2-(4-Methoxyphenyl)sulfonylquinoxaline is a chemical compound that has been shown to exhibit interesting biological activity. It is a derivative of quinoxaline, a heterocyclic compound with a broad range of applications in medicine and materials science.
**Here's what makes it important for research:**
* **Anti-cancer activity:** Studies have shown that 2-(4-methoxyphenyl)sulfonylquinoxaline possesses significant anti-cancer properties. It has demonstrated the ability to inhibit the growth of various cancer cell lines, including those derived from breast, lung, and colon cancers. This makes it a promising candidate for the development of new cancer therapies.
* **Anti-inflammatory properties:** The compound has also been found to exhibit anti-inflammatory activity. It can inhibit the production of pro-inflammatory cytokines, which are molecules that contribute to inflammation in the body.

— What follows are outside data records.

Lemma sum_Re_mxtrace_proj_le (Phi : {linear 'M[C]_n -> 'M[C]_n}) (rho : 'M[C]_n) :
  positive_map Phi -> unital Phi -> psdmx rho ->
  \sum_i complex.Re (\tr (Phi (proj i) *m rho)) <= complex.Re (\tr rho).
Proof.
move=> posPhi unitalPhi psdrho.
have PhiE : Phi (1%:M - \sum_i proj i) = 1%:M - \sum_i Phi (proj i).
  by rewrite (raddfB Phi) (raddf_sum Phi); congr (_ - _); exact: unitalPhi.
have := Re_mxtrace_psdM_ge0 (posPhi _ psdmx_1_sub_sum_proj) psdrho.
rewrite PhiE mulmxBl mul1mx (raddfB (@mxtrace _ n)) (raddfB (@complex.Re R)) subr_ge0.
by rewrite mulmx_suml (raddf_sum (@mxtrace _ n)) [X in X <= _](raddf_sum (@complex.Re R)).
Qed.

Lemma sum_expR_mxtrace_mxln_le1 (Phi : {linear 'M[C]_n -> 'M[C]_n}) (rho : 'M[C]_n) :
  positive_map Phi -> unital Phi -> trace_preserving Phi -> psdmx rho -> \tr rho = 1 ->
  (forall i, supp_sub (Phi (proj i)) rho) ->
  \sum_i expR (complex.Re (\tr (Phi (proj i) *m mxln rho))) <= 1.
Proof.
move=> posPhi unitalPhi tpPhi psdrho trrho1 supp_rho.
have <- : complex.Re (\tr rho) = 1 by rewrite trrho1.
apply: le_trans (sum_Re_mxtrace_proj_le posPhi unitalPhi psdrho).
apply: ler_sum => i _; apply: expR_mxtrace_mxln_le => //; last by rewrite tpPhi mxtrace_proj.
exact/posPhi/psdmx_gram.
Qed.

End Orthonormal.

Unset Implicit Arguments.
Set Strict Implicit.
(* Let $m$ be an integer with $m\ge 1$ or $m\le -2$, let $T_j(z,w)=w^jS_j(z/w)$, let \[F=\left[(xyw-u^2z)w^{2m}+(xyzw+4u^2w^2-x^2w^2-y^2w^2-u^2z^2)T_mT_{m-1}\right]T_{m-1}-u^2w^{2m}T_m,\] let $S=\{F=0\}\subset\mathbb P^2(x:y:u)\times\mathbb P^1(z:w)$ and $\phi:S\to\mathbb P^1$, $(x:y:u,z:w)\mapsto(z:w)$. The degenerate fibers of $\phi$ (those over points $(z:w)$ for which $F=F_x=F_y=F_u=0$ has a solution $(x:y:u)\in\mathbb P^2$) are exactly: $\phi^{-1}(1:0)=\{(x:y:u)\mid u^2=0\}$; $\phi^{-1}(z:1)=\{(x:y:u)\mid u^2=0\}$ where $z$ is a root of $S_{m-1}(z)$; $\phi^{-1}(z:1)=\{(x:y:u)\mid (xS_m(z)-yS_{m-1}(z))(yS_m(z)-xS_{m-1}(z))=0\}$ where $z$ is a root of $S_{3m}(z)$; $\phi^{-1}(z:1)=\{(x:y:u)\mid (x-y)^2-(2-z)u^2=0\}$ where $z$ is a root of $S_m(z)-S_{m-1}(z)$; $\phi^{-1}(z:1)=\{(x:y:u)\mid (x+y)^2-(2+z)u^2=0\}$ where $z$ is a root of $S_m(z)+S_{m-1}(z)$.
   Context: The Chebyshev polynomials $S_j(\omega)$ are defined for all integers $j$ by $S_0=1$, $S_1=\omega$, $S_{j+1}=\omega S_j-S_{j-1}$. $S$ is the projective closure of the natural model of the canonical component of the $\mathrm{SL}_2(\mathbb C)$ character variety of the double twist link $J(3,2m+1)$; each fiber of $\phi$ is a conic in $\mathbb P^2(x:y:u)$. *)

From mathcomp Require Import all_boot all_algebra.
From mathcomp Require Import Rstruct complex.
From mathcomp Require Import mpoly ring zify.
Set Implicit Arguments.
Unset Strict Implicit.
Unset Printing Implicit Defensive.
Import GRing.Theory Num.Theory.
Local Open Scope ring_scope.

This potential application could lead to new treatments for inflammatory diseases like rheumatoid arthritis and inflammatory bowel disease.
* **Modulation of protein function:** 2-(4-methoxyphenyl)sulfonylquinoxaline can interact with specific proteins involved in cell signaling pathways. By altering the activity of these proteins, it can influence various cellular processes, making it a valuable tool for studying the mechanisms of disease and identifying potential drug targets.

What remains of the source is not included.